== DATA FOR THIS TASK ==
Lemma coincidence_compact : compact coincidence.
Proof.
apply: (subclosed_compact coincidence_closed
  (compact_setX (@segment_compact R 0 1) (@segment_compact R 0 1))).
by move=> p [p1 [p2 _]].
Qed.

Hypotheses (g01 : {homo g : x / x \in `[0, 1]}) (h01 : {homo h : x / x \in `[0, 1]}).
Hypotheses (g0 : g 0 = 0) (g1 : g 1 = 1) (h0 : h 0 = 0) (h1 : h 1 = 1).

(* Ties g = h count as true only on the bottom and right edges of the grid, as
   required by two_arc_boundary. *)
Definition grid_label (N i j : nat) : bool :=
  (h (pt R N j) < g (pt R N i)) ||
  (g (pt R N i) == h (pt R N j)) && ((j == 0) || (i == N)).

Lemma grid_label_le N i j : grid_label N i j -> h (pt R N j) <= g (pt R N i).
Proof. by case/orP => [/ltW //| /andP [/eqP -> _]]. Qed.

Lemma grid_label_ge N i j : ~~ grid_label N i j -> g (pt R N i) <= h (pt R N j).
Proof. by rewrite negb_or -leNgt => /andP []. Qed.

Lemma grid_label_boundary M : two_arc_boundary M (grid_label M.+1).
Proof.
have [hle gle] : (forall j, (j <= M.+1)%N -> 0 <= h (pt R M.+1 j) <= 1) /\
                 (forall i, (i <= M.+1)%N -> 0 <= g (pt R M.+1 i) <= 1).
  by split => k kN; [have := h01 (pt_in R (ltn0Sn M) kN) | have := g01 (pt_in R (ltn0Sn M) kN)];
    rewrite in_itv.
rewrite /grid_label; split => [j jN|i iN|j jN|i iN].
- rewrite ptN // g1 eqxx orbT andbT eq_sym orbC -le_eqVlt.
  by case/andP: (hle j jN).
- rewrite pt0 h0 eqxx andbT orbC eq_sym -le_eqVlt.
  by case/andP: (gle i iN).
- rewrite pt0 g0 ltNge; case/andP: (hle j jN) => -> _ /=.
  by case: (posnP j) => [->|jp]; rewrite ?pt0 ?h0 ?eqxx /= ?andbF.
- rewrite ptN // h1 ltNge; case/andP: (gle i iN) => _ -> /=.
  by case: (eqVneq i M.+1) => [->|iN']; rewrite ?ptN ?g1 ?eqxx ?andbF.
Qed.

Lemma vertical_root N k j : (0 < N)%N -> (k <= N)%N -> (j < N)%N ->
  grid_label N k j != grid_label N k j.+1 ->
  exists2 t, t \in `[pt R N j, pt R N j.+1] & h t = g (pt R N k).
Proof.
move=> N0 kN jN side; have := pt_in R N0 (ltnW jN); have := pt_in R N0 jN.
rewrite !in_itv /= => /andP [_ le1] /andP [ge0 _]; apply: IVT01 => //; first exact: pt_le.
move: side; case E1: (grid_label N k j); case E2: (grid_label N k j.+1) => // _.
- by left; rewrite grid_label_le ?E1 // grid_label_ge ?E2.
- by right; rewrite grid_label_le ?E2 // grid_label_ge ?E1.
Qed.

Lemma horizontal_root N i k : (0 < N)%N -> (i < N)%N -> (k <= N)%N ->
  grid_label N i k != grid_label N i.+1 k ->
  exists2 s, s \in `[pt R N i, pt R N i.+1] & g s = h (pt R N k).
Proof.
move=> N0 iN kN side; have := pt_in R N0 (ltnW iN); have := pt_in R N0 iN.
rewrite !in_itv /= => /andP [_ le1] /andP [ge0 _]; apply: IVT01 => //; first exact: pt_le.
move: side; case E1: (grid_label N i k); case E2: (grid_label N i.+1 k) => // _.
- by right; rewrite grid_label_le ?E1 // grid_label_ge ?E2.
- by left; rewrite grid_label_le ?E2 // grid_label_ge ?E1.
Qed.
===
REQUIRED ACTION: From the line that has "(* Ties g = h" through the line that has "(forall i, (i", copy every line exactly as it appears above, and leave out all others.

OUTPUT BELOW:
(* Ties g = h count as true only on the bottom and right edges of the grid, as
   required by two_arc_boundary. *)
Definition grid_label (N i j : nat) : bool :=
  (h (pt R N j) < g (pt R N i)) ||
  (g (pt R N i) == h (pt R N j)) && ((j == 0) || (i == N)).

Lemma grid_label_le N i j : grid_label N i j -> h (pt R N j) <= g (pt R N i).
Proof. by case/orP => [/ltW //| /andP [/eqP -> _]]. Qed.

Lemma grid_label_ge N i j : ~~ grid_label N i j -> g (pt R N i) <= h (pt R N j).
Proof. by rewrite negb_or -leNgt => /andP []. Qed.

Lemma grid_label_boundary M : two_arc_boundary M (grid_label M.+1).
Proof.
have [hle gle] : (forall j, (j <= M.+1)%N -> 0 <= h (pt R M.+1 j) <= 1) /\
                 (forall i, (i <= M.+1)%N -> 0 <= g (pt R M.+1 i) <= 1).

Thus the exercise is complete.